Scenario: In a C # application, I would like to take a string value from SQL db and use it as a directory name. I have a secure (SSL) FTP server on which I want to set the current directory using the string value from the database.
Problem: Everything works fine until I hit the string value with a special character - I seem to be unable to correctly encode the directory name to satisfy the FTP server.

Code example below

  • uses the "special" character é as an example
  • uses WinSCP as an external application for ftps comms
  • does not display all the code needed to configure the _winscp process.
  • sends commands to exex WinSCP, recording the standardinput process
  • for simplicity, it does not receive information from the database, but instead just declares a string (but I did .Equals to confirm that the value from the database matches the declared string)
  • makes three attempts to set the current directory on the FTP server using different string encodings - all of which do not work
  • trying to set a directory using a string created from a byte array manually, which works
Process _winscp = new Process(); byte[] buffer; string nameFromString = "Sinéad O'Connor"; _winscp.StandardInput.WriteLine("cd \"" + nameFromString + "\""); buffer = Encoding.UTF8.GetBytes(nameFromString); _winscp.StandardInput.WriteLine("cd \"" + Encoding.UTF8.GetString(buffer) + "\""); buffer = Encoding.ASCII.GetBytes(nameFromString); _winscp.StandardInput.WriteLine("cd \"" + Encoding.ASCII.GetString(buffer) + "\""); byte[] nameFromBytes = new byte[] { 83, 105, 110, 130, 97, 100, 32, 79, 39, 67, 111, 110, 110, 111, 114 }; _winscp.StandardInput.WriteLine("cd \"" + Encoding.Default.GetString(nameFromBytes) + "\""); 

UTF8 encoding changes é to 101 (decimal), but I don’t like the FTP server.

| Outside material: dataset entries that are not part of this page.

(* Let $\chi\in\chi(G)$ be a character, $\lambda\in\Lambda^\chi$ and $x\in X$. The following are equivalent: (1) $x\in S^\chi_\lambda$; (2) the function $v\mapsto\langle\chi,v\rangle/\|v\|$ on $\sigma_x\setminus\{0\}$ attains a negative relative minimum at $\lambda$; (3) $L(S_x)\subset S^\chi_\lambda$.
   Context: $G$ diagonalizable over $\mathbf C$ acting on $X=\mathbf A^n_{\mathbf C}$ by $g\cdot x=(\chi_1(g)x_1,\dots,\chi_n(g)x_n)$. $\chi(G)$ characters, $\Gamma(G)$ one-parameter subgroups, pairing $\chi(\lambda(t))=t^{\langle\chi,\lambda\rangle}$ extended to $\mathbf R$; fixed norm $\|\cdot\|$ on $\Gamma(G)$ from an inner product on $\Gamma(G)_{\mathbf R}$ integral on $\Gamma(G)$. $[n]=\{1,\dots,n\}$; $S_x=\{i:x_i\ne0\}$; $\sigma_x=\{v\in\Gamma(G)_{\mathbf R}:\langle\chi_i,v\rangle\ge0\ \forall i\in S_x\}$ (its lattice points are the $\lambda$ with $\lim_{t\to0}\lambda(t)x$ existing). $x$ is $\chi$-unstable if some $\lambda$ with existing limit has $\langle\chi,\lambda\rangle<0$; for unstable $x$, $\lambda_{\chi,x}$ is the unique indivisible one-parameter subgroup with existing limit minimizing $\langle\chi,\lambda\rangle/\|\lambda\|$ among nonzero such. $\Lambda^\chi=\{\lambda_{\chi,x}\}$, $S^\chi_\lambda=\{x\text{ unstable}:\lambda_{\chi,x}=\lambda\}$. For $S\subset[n]$, $L(S)=\{x:x_i\ne0\iff i\in S\}$. *)

From mathcomp Require Import all_boot all_order all_algebra.
From mathcomp Require Import complex.
From mathcomp Require Import Rstruct.

Set Implicit Arguments.
Unset Strict Implicit.
Unset Printing Implicit Defensive.
Import Order.TTheory GRing.Theory Num.Theory.
Local Open Scope ring_scope.

(* Model:
   - Gamma(G) is identified with Z^r  (lattice  'I_r -> int),
     Gamma(G)_R with R^r               (vectors 'I_r -> R), R = Stdlib reals.
   - A character chi only enters through the linear form <chi, . > on Gamma(G),
     which is an element of Hom(Gamma(G), Z) = Z^r : we record it as 'I_r -> int.
   - The inner product on Gamma(G)_R is given by its Gram matrix Q (integral:
     integer entries; symmetric; positive definite).
   - X = A^n_C, points x : 'I_n -> C with C = R[i]. *)

Notation Real := Rdefinitions.R.
Notation Cplx := (complex Rdefinitions.R).

Definition lattice (r : nat) := 'I_r -> int.
Definition rvec (r : nat) := 'I_r -> Real.
Definition charf (r : nat) := 'I_r -> int.

Definition embed r (l : lattice r) : rvec r := fun j => (l j)%:~R.

Definition pair r (c : charf r) (v : rvec r) : Real :=
  \sum_(j < r) (c j)%:~R * v j.

Definition ip r (Q : 'M[int]_r) (v w : rvec r) : Real :=
  \sum_(i < r) \sum_(j < r) v i * (Q i j)%:~R * w j.
Definition nrm r (Q : 'M[int]_r) (v : rvec r) : Real := Num.sqrt (ip Q v v).

Definition is_inner_product r (Q : 'M[int]_r) : Prop :=
  Q^T = Q /\ (forall v : rvec r, (exists j, v j != 0) -> 0 < ip Q v v).

Definition supp n (x : 'I_n -> Cplx) : {set 'I_n} := [set i | x i != 0].

Definition sigma n r (chis : 'I_n -> charf r) (x : 'I_n -> Cplx) (v : rvec r)
  : Prop := forall i, i \in supp x -> 0 <= pair (chis i) v.

(* lim_{t->0} lambda(t) x exists  (characterization recalled in the context) *)
Definition lim_exists n r (chis : 'I_n -> charf r) (x : 'I_n -> Cplx)
  (l : lattice r) : Prop := sigma chis x (embed l).

Definition lat_nonzero r (l : lattice r) : Prop := exists j, l j != 0.

Definition indivisible r (l : lattice r) : Prop :=
  lat_nonzero l /\
  forall (k : int) (mu : lattice r), (1 < k) -> ~ (forall j, l j = k * mu j).

Definition ratio r (Q : 'M[int]_r) (c : charf r) (v : rvec r) : Real :=
  pair c v / nrm Q v.

Definition unstable n r (chis : 'I_n -> charf r) (c : charf r)
  (x : 'I_n -> Cplx) : Prop :=
  exists l : lattice r, lim_exists chis x l /\ pair c (embed l) < 0.

(* l = lambda_{chi,x}: l is the (unique, by the paper) indivisible
   one-parameter subgroup with existing limit minimizing <chi,.>/||.||
   among the nonzero ones with existing limit. *)
Definition is_optimal n r (chis : 'I_n -> charf r) (Q : 'M[int]_r)
  (c : charf r) (x : 'I_n -> Cplx) (l : lattice r) : Prop :=
  indivisible l /\ lim_exists chis x l /\
  forall mu : lattice r, lat_nonzero mu -> lim_exists chis x mu ->
    ratio Q c (embed l) <= ratio Q c (embed mu).

Definition in_S n r (chis : 'I_n -> charf r) (Q : 'M[int]_r)
  (c : charf r) (l : lattice r) (x : 'I_n -> Cplx) : Prop :=
  unstable chis c x /\ is_optimal chis Q c x l.

Definition in_Lambda n r (chis : 'I_n -> charf r) (Q : 'M[int]_r)
  (c : charf r) (l : lattice r) : Prop :=
  exists x : 'I_n -> Cplx, in_S chis Q c l x.

Definition in_L n (S : {set 'I_n}) (y : 'I_n -> Cplx) : Prop := supp y = S.

Definition neg_rel_min n r (chis : 'I_n -> charf r) (Q : 'M[int]_r)
  (c : charf r) (x : 'I_n -> Cplx) (v0 : rvec r) : Prop :=
  sigma chis x v0 /\ (exists j, v0 j != 0) /\ ratio Q c v0 < 0 /\
  exists eps : Real, 0 < eps /\
    forall v : rvec r, sigma chis x v -> (exists j, v j != 0) ->
      nrm Q (fun j => v j - v0 j) < eps -> ratio Q c v0 <= ratio Q c v.

(* On the cone sigma_x, for m <= 0 the set {v | <chi, v> < m ||v||} is convex,
   because v |-> <chi, v> - m ||v|| is convex.  Hence a negative relative minimum
   of <chi, .>/||.|| on sigma_x \ {0} is a global one, in particular a minimum over
   the one-parameter subgroups with existing limit: (2) implies (1).
   Conversely sigma_x is a rational polyhedral cone, so its rational points are
   dense in it (the constraints tight at v cut out a rational subspace, the
   others stay strict nearby); since <chi, .>/||.|| is continuous and invariant
   under positive scaling, its minimum over lattice points is its minimum over
   sigma_x \ {0}: (1) implies (2).  Finally x is in S^chi_lambda iff every point
   of L(S_x) is, since membership only depends on S_x. *)

From Pilot Require Import Defs.
From mathcomp Require Import all_boot all_order all_algebra.
From mathcomp Require Import complex Rstruct ring lra.
From Stdlib Require Import FunctionalExtensionality.
Set Implicit Arguments.
Unset Strict Implicit.
Unset Printing Implicit Defensive.
Import Order.TTheory GRing.Theory Num.Theory.
Local Open Scope ring_scope.

Lemma rvec_eq0_or_neq0 r (v : rvec r) : (forall j, v j = 0) \/ exists j, v j != 0.
Proof.
case: (boolP [exists j, v j != 0]) => [/existsP|/existsPn v0]; first by right.
by left => j; apply/eqP; rewrite -[_ == _]negbK v0.
Qed.

Section Pairing.
Variables (r : nat) (c : charf r).

Lemma pair_lin (u w : rvec r) (a b : Real) :
  pair c (fun j => a * u j + b * w j) = a * pair c u + b * pair c w.
Proof. by rewrite /pair !mulr_sumr -big_split; apply: eq_bigr => j _ /=; ring. Qed.

Lemma pairZ (u : rvec r) (a : Real) : pair c (fun j => a * u j) = a * pair c u.
Proof. by rewrite /pair mulr_sumr; apply: eq_bigr => j _; rewrite mulrCA. Qed.

Lemma pair_neq0 (u : rvec r) : pair c u != 0 -> exists j, u j != 0.
Proof.
case: (rvec_eq0_or_neq0 u) => // u0.
by rewrite /pair big1 ?eqxx // => j _; rewrite u0 mulr0.
Qed.

Lemma pair_dist_le (v w : rvec r) (d : Real) : (forall j, `|w j - v j| < d) ->
  `|pair c w - pair c v| <= (\sum_j `|(c j)%:~R : Real|) * d.
Proof.
move=> near_wv; rewrite /pair -sumrB mulr_suml.
apply: le_trans (ler_norm_sum _ _ _) _; apply: ler_sum => j _.
by rewrite -mulrBr normrM ler_wpM2l // ltW.
Qed.

End Pairing.

Section InnerProduct.
Variables (r : nat) (Q : 'M[int]_r).
Hypothesis HQ : is_inner_product Q.

Lemma ip_linl (u w z : rvec r) (a b : Real) :
  ip Q (fun j => a * u j + b * w j) z = a * ip Q u z + b * ip Q w z.
Proof.
rewrite /ip !mulr_sumr -big_split; apply: eq_bigr => i _ /=.
by rewrite !mulr_sumr -big_split; apply: eq_bigr => j _ /=; ring.
Qed.

Lemma ipC (u w : rvec r) : ip Q u w = ip Q w u.
Proof.
rewrite /ip exchange_big; apply: eq_bigr => i _; apply: eq_bigr => j _.
by rewrite -[in Q i j](proj1 HQ) mxE; ring.
Qed.

Lemma ip_quad (u w : rvec r) (a b : Real) :
  ip Q (fun j => a * u j + b * w j) (fun j => a * u j + b * w j) =
  a ^+ 2 * ip Q u u + 2 * a * b * ip Q u w + b ^+ 2 * ip Q w w.
Proof. by rewrite ip_linl [ip Q u _]ipC [ip Q w _]ipC !ip_linl [ip Q w u]ipC; ring. Qed.

Lemma ipZ (u : rvec r) (a : Real) :
  ip Q (fun j => a * u j) (fun j => a * u j) = a ^+ 2 * ip Q u u.
Proof.
rewrite /ip mulr_sumr; apply: eq_bigr => i _.
by rewrite mulr_sumr; apply: eq_bigr => j _; ring.
Qed.

Lemma ip0r (u w : rvec r) : (forall j, w j = 0) -> ip Q u w = 0.
Proof. by move=> w0; rewrite /ip big1 // => i _; rewrite big1 // => j _; rewrite w0 mulr0. Qed.

Lemma ip_ge0 (v : rvec r) : 0 <= ip Q v v.
Proof. by case: (rvec_eq0_or_neq0 v) => [/ip0r -> //|/(proj2 HQ)/ltW]. Qed.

ASCII encoding changes from é to 63 (decimal), but I don't like the FTP server.

When I represent é as the value 130 (decimal), the FTP server is happy, except that I cannot find a method that will do this for me (I had to manually configure the string from explicit bytes).

Does anyone know what to do with my string in order to encode é as 130 and make the FTP server happy and finally bring me up to level 1 by the developer explaining the only thing the developer needs to understand?

+6
c # character-encoding ftps
source share
2 answers

130 is not ASCII (ASCII - only 7 bits - see the Encoding.ASCII documentation - so it hits "é" in the normal "?" Because it has nothing better to do). UTF-8 actually encodes a character in two bytes (decimal: 195 and 169), but retains the code point.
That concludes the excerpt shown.